§ Exercise requirements: Of the lines below, write out exactly those from the line with "exfalso; apply: (filter_disjoint" through the line with "have /existsNP [e", both included, and skip the rest.

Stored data
*** Begin section ***
Lemma basic_nbhds_meet a b : G a -> H b -> exists K, uf K /\ K a /\ K b.
Proof.
move=> Ga Hb; have [h [Hh [hb hyc]]] := uf_downdir uH Hb uf_right_res.
have hy := leX_trans hyc (res_leX (leIr _ _)).
have [[u [Gu [uxc uh]]] | Gaway] := uf_below_or_away (p h) uG uf_left_res; last first.
  have := H_right Gaway (res_leX (leBx _ _)); rewrite !p_res ?leIl ?leBx // => Hyd.
  exfalso; apply: (filter_disjoint uH.1 Hh Hyd); rewrite p_res ?diffKI //.
  exact: le_trans (leBx _ _) (leIr _ _).
have [g [Gg [gu ga]]] := uf_downdir uG Gu Ga.
have gx := leX_trans (leX_trans gu uxc) (res_leX (leIl _ _)).
have /existsNP [e /not_implyP [ae ge]] := G_perp Gg.
have [fe fg] : p g `&` e <= e /\ p g `&` e <= p g by split; [apply: leIr | apply: leIl].
have [fx fy] := le_pxy (le_trans fe ae.1).
have xyf : res x (p g `&` e) = res y (p g `&` e).
  rewrite -(res_res fe (le_trans ae.1 (leIl _ _))) ae.2 res_res //.
  exact: le_trans ae.1 (leIr _ _).
have [K [uK Kxf]] : exists K, uf K /\ K (res x (p g `&` e)).
  by apply: uf_through; rewrite p_res //; apply/eqP.
exists K; split=> //; split.
  apply: (uf_upclosed uK Kxf); apply: leX_trans ga.
  by apply: leX_below_common (res_leX fx) gx _; rewrite p_res.
rewrite xyf in Kxf; apply: (uf_upclosed uK Kxf); apply: leX_trans hb.
apply: leX_below_common (res_leX fy) hy _.
by rewrite p_res // (le_trans fg (le_trans gu.1 uh)).
Qed.

End RightUltrafilter.
End LeftUltrafilter.

Lemma no_max_agree_not_hausdorff : ~ dual_hausdorff p res.
Proof.
move=> hd; have [G [uG [G_diff G_perp]]] := exists_uf_left.
have [H [uH H_right]] := exists_uf_right uG G_diff.
apply: (inseparable (basic_nbhds_meet uG G_diff G_perp uH H_right)).
exact: (hd G H uG uH (uf_left_neq_right uG G_diff H_right)).
Qed.

End Agreement.

Lemma hausdorff_meets : dual_hausdorff p res -> has_binary_meets p res.
Proof.
move=> hd x y.
have [[e [ae e_max]] | no_max] :=
  pselect (exists e, agree x y e /\ forall e', agree x y e' -> e' <= e).
  by exists (res x e); apply: meet_of_max_agree.
by case: (no_max_agree_not_hausdorff no_max hd).
Qed.

End BooleanSetDuality.

Theorem proposition3p15 (d : Order.disp_t) (B : cbDistrLatticeType d) (X : Type)
  (p : X -> B) (res : X -> B -> X) :
  boolean_set p res ->
  (has_binary_meets p res <-> dual_hausdorff p res).
Proof.
move=> [p_res [res_id [res_res [_ [z0 [_ [compatible_join p_eq0]]]]]]].
split; first exact: (meets_hausdorff p_res res_id res_res p_eq0).
exact: (hausdorff_meets p_res res_id res_res p_eq0 compatible_join).
Qed.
*** End section ***
§ Task response:
  exfalso; apply: (filter_disjoint uH.1 Hh Hyd); rewrite p_res ?diffKI //.
  exact: le_trans (leBx _ _) (leIr _ _).
have [g [Gg [gu ga]]] := uf_downdir uG Gu Ga.
have gx := leX_trans (leX_trans gu uxc) (res_leX (leIl _ _)).
have /existsNP [e /not_implyP [ae ge]] := G_perp Gg.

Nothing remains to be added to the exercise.